Tense talks on Israel expulsion vote at FIFA
“Negotiations are still going on but they are very complicated,” a top FIFA official told AFP.
“There may not be a solution until the final hours,” added the official, speaking on condition of anonymity.
FIFA president Sepp Blatter has held talks with Israel’s Prime Minister Benjamin Netanyahu and Palestinian president Mahmud Abbas in a bid to prevent the politically charged vote at a FIFA congress on Friday.
FIFA would not discuss the talks. But a spokeswoman for the governing body said “only Palestine can withdraw the demand to suspend Israel from the agenda.”
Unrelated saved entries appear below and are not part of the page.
(* Let $\rho=\eta[r,\alpha]$ be a qubit state with $r\neq g$, $J$ the closed interval with endpoints $r$ and $1-\lambda r$, and $S(s):=S(\eta[s,\kappa_s])$ for $s\in J$. For $\bar s\in J$ define \[ \xi(\bar s):=\inf\Big\{\sum_jp_jS(s_j):\ (p_j)\text{ a finite probability vector},\ s_j\in J,\ \sum_jp_js_j=\bar s\Big\}. \] Then the infimum is attained with all $s_j\in\{r,1-\lambda r\}$, and \[ \xi(\bar s)=q_{\bar s}S(\rho)+(1-q_{\bar s})\,h(1-\lambda r),\qquad q_{\bar s}=\frac{\bar s+\lambda r-1}{(1+\lambda)r-1}. \] Moreover, $I_{\mathrm{th}}(\rho)=\max_{\bar s\in J}\big[h(\bar s)-\xi(\bar s)\big]$.
   Context: Qubit memory with Hamiltonian $E_0|0\rangle\langle0|+E_1|1\rangle\langle1|$ at temperature $T$; $\lambda=e^{-(E_1-E_0)/k_{\mathrm B}T}$, $g=1/(1+\lambda)$. $\eta[r,\alpha]$ denotes the density matrix $\begin{pmatrix} r&\alpha\\ \alpha^*&1-r\end{pmatrix}$ in the energy basis. $\kappa_s=|\alpha|\frac{\sqrt{(\lambda s+r-1)(\lambda r+s-1)}}{|(\lambda+1)r-1|}$. $h(x)=-x\log_2x-(1-x)\log_2(1-x)$; $S$ is the von Neumann entropy (base 2). The set of states reachable from $\rho$ by thermal operations is $\vartheta(\rho)=\{\eta[s,\beta]: s\in J,\ |\beta|\le\kappa_s\}$. A code is a finite ensemble $\{(p_k,\sigma^{(k)})\}$ with Holevo information $\chi=S(\sum_kp_k\sigma^{(k)})-\sum_kp_kS(\sigma^{(k)})$; $I_{\mathrm{th}}(\rho)$ is the supremum of $\chi$ over codes with all codewords in $\vartheta(\rho)$. *)

From Stdlib Require Import Reals List.
Open Scope R_scope.

(* Complex numbers as pairs (real part, imaginary part). *)
Definition Cpx := (R * R)%type.
Definition cnorm (z : Cpx) : R := sqrt (fst z ^ 2 + snd z ^ 2).

Definition plog2 (x : R) : R := if Rle_dec x 0 then 0 else x * (ln x / ln 2).

Definition h (x : R) : R := - plog2 x - plog2 (1 - x).

(* Eigenvalues of eta[s,b] = [[s, b],[b^*, 1-s]] (a 2x2 Hermitian matrix
   of trace 1 and determinant s(1-s) - |b|^2). *)
Definition eig_p (s : R) (b : Cpx) : R :=
  (1 + sqrt ((2 * s - 1) ^ 2 + 4 * cnorm b ^ 2)) / 2.
Definition eig_m (s : R) (b : Cpx) : R :=
  (1 - sqrt ((2 * s - 1) ^ 2 + 4 * cnorm b ^ 2)) / 2.

Definition vnS (s : R) (b : Cpx) : R := - plog2 (eig_p s b) - plog2 (eig_m s b).

Definition lamb (E0 E1 kB T : R) : R := exp (- (E1 - E0) / (kB * T)).
Definition gibbs (lam : R) : R := 1 / (1 + lam).

Definition kappa (lam r : R) (alpha : Cpx) (s : R) : R :=
  cnorm alpha * sqrt ((lam * s + r - 1) * (lam * r + s - 1))
  / Rabs ((lam + 1) * r - 1).

Definition inJ (lam r s : R) : Prop :=
  Rmin r (1 - lam * r) <= s <= Rmax r (1 - lam * r).

Definition Sfun (lam r : R) (alpha : Cpx) (s : R) : R :=
  vnS s (kappa lam r alpha s, 0).

Definition sumR {A : Type} (f : A -> R) (l : list A) : R :=
  fold_right (fun x acc => f x + acc) 0 l.

Definition is_decomp (lam r sbar : R) (d : list (R * R)) : Prop :=
  Forall (fun ps => 0 <= fst ps /\ inJ lam r (snd ps)) d /\
  sumR fst d = 1 /\
  sumR (fun ps => fst ps * snd ps) d = sbar.

Definition decomp_value (lam r : R) (alpha : Cpx) (d : list (R * R)) : R :=
  sumR (fun ps => fst ps * Sfun lam r alpha (snd ps)) d.

Definition xi_set (lam r : R) (alpha : Cpx) (sbar : R) (v : R) : Prop :=
  exists d, is_decomp lam r sbar d /\ v = decomp_value lam r alpha d.

Definition is_lower_bound (E : R -> Prop) (m : R) : Prop :=
  forall x, E x -> m <= x.
Definition is_glb (E : R -> Prop) (m : R) : Prop :=
  is_lower_bound E m /\ (forall b, is_lower_bound E b -> b <= m).

Definition in_theta (lam r : R) (alpha : Cpx) (sb : R * Cpx) : Prop :=
  inJ lam r (fst sb) /\ cnorm (snd sb) <= kappa lam r alpha (fst sb).

Definition is_code (lam r : R) (alpha : Cpx) (c : list (R * (R * Cpx))) : Prop :=
  Forall (fun k => 0 <= fst k /\ in_theta lam r alpha (snd k)) c /\
  sumR fst c = 1.

(* Holevo information: S(sum p_k sigma_k) - sum p_k S(sigma_k);
   sum p_k eta[s_k,beta_k] = eta[sum p_k s_k, sum p_k beta_k]. *)
Definition holevo (c : list (R * (R * Cpx))) : R :=
  let sav := sumR (fun k => fst k * fst (snd k)) c in
  let bav : Cpx := (sumR (fun k => fst k * fst (snd (snd k))) c,
                  sumR (fun k => fst k * snd (snd (snd k))) c) in
  vnS sav bav - sumR (fun k => fst k * vnS (fst (snd k)) (snd (snd k))) c.

Definition chi_set (lam r : R) (alpha : Cpx) (v : R) : Prop :=
  exists c, is_code lam r alpha c /\ v = holevo c.

From Coquelicot Require Import Coquelicot.
From Stdlib Require Import Reals List Lra Psatz.
Open Scope R_scope.

(* The entropy of [eta[s, beta]] is a function of its squared Bloch length
   [u = (2s - 1)^2 + 4 |beta|^2] alone, and this function is nonincreasing and
   concave on [[0, 1]].  For [s] in [J] the squared Bloch length of [eta[s, kappa_s]]
   lies below the chord joining those of [rho] and of [eta[1 - lam r, 0]], so every
   state of [theta(rho)] with population [s] has entropy at least the affine
   interpolation [q_s S(rho) + (1 - q_s) h(1 - lam r)].  Averaging this affine bound
   gives [xi], attained by the two endpoints.  For a code, the average state has
   entropy at most [h] of its average population, so [chi <= h - xi] at that
   population; mixing [rho] with its coherence-flipped copy and [eta[1 - lam r, 0]]
   gives equality. *)

Lemma ln_le_sub1 y : 0 < y -> ln y <= y - 1.
Proof. intros Hy. pose proof (exp_ineq1_le (ln y)) as E. rewrite exp_ln in E; lra. Qed.

Lemma Rinv_nonneg x : 0 <= x -> 0 <= / x.
Proof.
  intros Hx. destruct (Req_dec x 0) as [->|Hx0].
  - rewrite Rinv_0; lra.
  - apply Rlt_le, Rinv_0_lt_compat; lra.
Qed.

Lemma sqrt_in01 u : 0 < u < 1 -> 0 < sqrt u < 1.
Proof.
  intros Hu. split; [apply sqrt_lt_R0; lra|].
  rewrite <- sqrt_1. apply sqrt_lt_1; lra.
Qed.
Palestinian Football Association president Jibril Rajoub has so far refused to withdraw the motion that will require the backing of three quarters of the 209 member federations to pass.
“Our asks are clear, just and fair: Freedom of movement, end of racism and expulsion of all teams from illegal Israeli settlements in occupied Palestine competing in the Israeli league.” Rajoub said Monday as he left for Zurich.
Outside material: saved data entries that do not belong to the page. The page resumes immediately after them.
Lemma perm_eq_prod_one_sub_Xn (S T : seq nat) : all (leq 1) S -> all (leq 1) T ->
  \prod_(x <- S) (1 - 'X^x) = \prod_(x <- T) (1 - 'X^x) :> {poly int} -> perm_eq S T.
Proof.
(* By strong induction on m: the factors with exponent < m agree and cancel,
   and the coefficient of X^m in the rest is minus the multiplicity of m. *)
move=> S1 T1 eqST; apply/allP => m _ /=; apply/eqP; elim/ltn_ind: m => m IHm.
have [-> | m0] := posnP m.
  have no0 s : all (leq 1) s -> count_mem 0 s = 0%N.
    by move=> s1; apply/count_memPn/negP => /(allP s1).
  by rewrite !no0.
have cnt_lt s x : count_mem x [seq y <- s | (y < m)%N] = if (x < m)%N then count_mem x s else 0%N.
  rewrite count_filter; case: ltnP => xm.
    by apply: eq_count => y /=; case: eqP => // ->; rewrite xm.
  rewrite (eq_count (a2 := pred0)) ?count_pred0 // => y /=.
  by case: eqP => // ->; rewrite ltnNge xm.
have low : perm_eq [seq y <- S | (y < m)%N] [seq y <- T | (y < m)%N].
  by apply/allP => x _ /=; rewrite !cnt_lt; case: ifP => // /IHm ->.
have low_prod : \prod_(x <- S | (x < m)%N) (1 - 'X^x) =
                 \prod_(x <- T | (x < m)%N) (1 - 'X^x) :> {poly int}.
  by rewrite -big_filter (perm_big _ low) big_filter.
have high : \prod_(x <- S | ~~ (x < m)%N) (1 - 'X^x) =
             \prod_(x <- T | ~~ (x < m)%N) (1 - 'X^x) :> {poly int}.
  move: eqST; rewrite (bigID (fun x => x < m)%N) [RHS](bigID (fun x => x < m)%N) /= low_prod.
  apply: mulfI; apply/eqP => /(congr1 (coefp 0)) /eqP.
  rewrite /= -big_filter coef0_prod_one_sub_Xn ?coef0 ?oner_eq0 // all_filter.
  by apply/allP => x /(allP T1) x1; rewrite /= x1 implybT.
have coef_high s :
    (\prod_(x <- s | ~~ (x < m)%N) (1 - 'X^x) : {poly int})`_m = - (count_mem m s)%:R.
  rewrite -big_filter coef_prod_one_sub_Xn //; last first.
    by rewrite all_filter; apply/allP => x _; apply/implyP; rewrite -leqNgt.
  by rewrite count_filter (eq_count (a2 := pred1 m)) // => y /=; case: eqP => // ->; rewrite ltnn.
by apply/eqP; rewrite -(eqr_nat int) -eqr_opp -!coef_high high.
Qed.

Lemma prod_one_sub_Xn_ci n (m : 'I_n -> nat) :
  \prod_(x <- map m (enum 'I_n)) (1 - 'X^x) = (1 - 'X) ^+ n * ci_series m.
Proof.
rewrite big_map big_enum /=; under eq_bigr do rewrite one_sub_Xn_geom.
by rewrite big_split /= prodr_const card_ord.
Qed.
He said that if the conditions are not met “we will push for our resolution to be voted in the FIFA congress to suspend the Israeli Football Association.”
Palestine, which has been a FIFA member since 1998, wants world football’s governing body to bar Israel from international competition over its restrictions on the movement of Palestinian players.
It also opposes the participation in the Israeli championships of five clubs located in Jewish settlements in the occupied West Bank.
Blatter told the FIFA executive committee on Monday about his trip to the Middle East last week to meet Netanyahu and Abbas. But he did not report a deal.
Blatter’s main talks have been with Rajoub and Israel Football Association President Ofer Eini who says restrictions on Palestinian players are a security question.
“The FIFA president will report to the Congress on this dossier later this week with the aim of providing a framework for strengthening the development of football in the region,” said a FIFA statement.
Blatter strongly opposes the vote saying it is bringing politics into football and that Israel has not breached FIFA’s statutes.
“The executive underlined that a FIFA member association should not be suspended if it has not violated the FIFA statutes,” said the statement.